The act requires the agency to review each NAAQS every five years. That schedule is rarely met,
but it often triggers lawsuits that force the agency to undertake a review. In the case of ozone, the
American Lung Association filed suit over EPA’s failure to complete a review in 2003, and a
consent decree established a schedule under which the Bush Administration’s EPA promulgated
revisions to the NAAQS in March 2008.4 Numerous parties petitioned the courts for a review of
that standard,5 and, with the change of Administrations, EPA itself concluded that it had concerns
whether the 2008 standards “satisfy the requirements of the Clean Air Act.” Thus, in September
2009, the agency suspended implementation of the 2008 standards and set a schedule for their
review under which the January 2010 proposal was released. EPA is also in the process of
reviewing several other NAAQS. For more information, see the “Air Quality Standards” section
of CRS Report R40145, Clean Air Issues in the 111th Congress.
The NAAQS Process
Reviewing an existing NAAQS is generally a long process. To begin the process, EPA scientists
review the scientific literature published since the last NAAQS revision, and summarize it in a
report known as a Criteria Document. The review that culminated in the 2008 ozone revision
identified 1,700 scientific studies on topics as wide-ranging as the physics and chemistry of ozone
in the atmosphere; environmental concentrations, patterns, and exposure; dosimetry and animal-
to-human extrapolation; toxicology; interactions with co-occurring pollutants; controlled human
exposure studies; epidemiology; effects on vegetation and ecosystems; effects on UVB exposures
and climate; and effects on man-made materials. A second document that EPA prepares, the Staff
Paper, summarizes the information compiled in the Criteria Document and provides the
Administrator with options regarding the indicators, averaging times, statistical form, and
numerical level (concentration) of the NAAQS.

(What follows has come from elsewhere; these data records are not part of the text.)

(* Let $X$ be a path connected, locally path connected topological space whose first singular homology group $H_1(X;\mathbb Z)$ is trivial. Let $K\subset X$ be a closed connected set. If $X\setminus K$ is connected, then the topological boundary $\partial K$ of $K$ in $X$ is connected. *)

From HB Require Import structures.
From mathcomp Require Import all_boot all_order all_algebra.
From mathcomp Require Import all_classical all_reals all_analysis.
From mathcomp Require Import Rstruct Rstruct_topology.
From Stdlib Require Import Rdefinitions.

Set Implicit Arguments.
Unset Strict Implicit.
Unset Printing Implicit Defensive.

Import Order.TTheory GRing.Theory Num.Theory.
Local Open Scope classical_set_scope.
Local Open Scope ring_scope.

Notation RR := Rdefinitions.R.

(** The unit interval = standard 1-simplex Δ^1 (vertices 0 and 1). *)
Definition I01 : set RR := `[0%R, 1%R].

(** Standard 2-simplex Δ^2 = {(s,t) | s,t >= 0, s+t <= 1},
    vertices e0 = (0,0), e1 = (1,0), e2 = (0,1). *)
Definition Delta2 : set (RR * RR) :=
  [set p | (0 <= p.1)%R /\ (0 <= p.2)%R /\ (p.1 + p.2 <= 1)%R].

Section Topo.
Variable X : topologicalType.

Definition is_path_in (A : set X) (f : RR -> X) (x y : X) :=
  {within I01, continuous f} /\ f 0%R = x /\ f 1%R = y /\ f @` I01 `<=` A.

Definition path_connected_set (A : set X) :=
  forall x y, A x -> A y -> exists f, is_path_in A f x y.

Definition path_connected_space := path_connected_set setT.

Definition locally_path_connected :=
  forall (x : X) (U : set X), open U -> U x ->
    exists V : set X, [/\ open V, V x, V `<=` U & path_connected_set V].

(** Singular chains with integer coefficients, as finite formal sums
    (lists of (coefficient, simplex)).  A singular 1-simplex is a map
    RR -> X continuous on Δ^1 = [0,1]; a singular 2-simplex is a map
    RR*RR -> X continuous on Δ^2.  Two maps represent the same simplex
    iff they agree on the standard simplex. *)
Definition sing1 (s : RR -> X) := {within I01, continuous s}.
Definition sing2 (t : RR * RR -> X) := {within Delta2, continuous t}.

Definition same1 (s s' : RR -> X) := forall u, I01 u -> s u = s' u.

Definition chain1 := seq (int * (RR -> X)).
Definition chain2 := seq (int * (RR * RR -> X)).

Definition ind (P : Prop) : int := if `[< P >] then 1 else 0.

Definition coef1 (c : chain1) (s : RR -> X) : int :=
  \sum_(e <- c) e.1 * ind (same1 e.2 s).

(** Coefficient of the point x in the 0-chain ∂c, where ∂s = s(1) - s(0). *)
Definition bd1_coef (c : chain1) (x : X) : int :=
  \sum_(e <- c) e.1 * (ind (e.2 1%R = x) - ind (e.2 0%R = x)).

To ensure that these reviews meet the highest scientific standards, the 1977 amendments to the
Clean Air Act required the Administrator to appoint an independent Clean Air Scientific Advisory
Committee (CASAC). CASAC has seven members, largely from academia and from private
research institutions. In conducting NAAQS reviews, their expertise is supplemented by panels of
the nation’s leading experts on the health and environmental effects of the specific pollutants that
are under review. These panels can be rather large. The review panel for the 2008 ozone standard,
for example, had 23 members. CASAC and the public make suggestions regarding the

3 Authority to establish NAAQS comes from both Sections 108 and 109 of the act; this definition of criteria pollutants
is found in Section 108. The authority and procedures for controlling the sources of criteria pollutants are found
throughout Titles I, II, and IV of the act. Pollutants that are less widely emitted are generally classified as “hazardous
air pollutants” and are regulated under a different section of the act (Section 112).
4 The schedule was set by a consent decree that settled a lawsuit filed by the American Lung Association (American
Lung Association v. Leavitt, D.D.C., No. 03-778, modified consent decree approved 12/16/04). EPA agreed that it
would propose whether to retain or revise the ozone standard by June 20, 2007, and take final action by March 12,
2008.
5 Mississippi v. EPA, D.C. Cir., No. 08-1200, notice filed 9/16/09.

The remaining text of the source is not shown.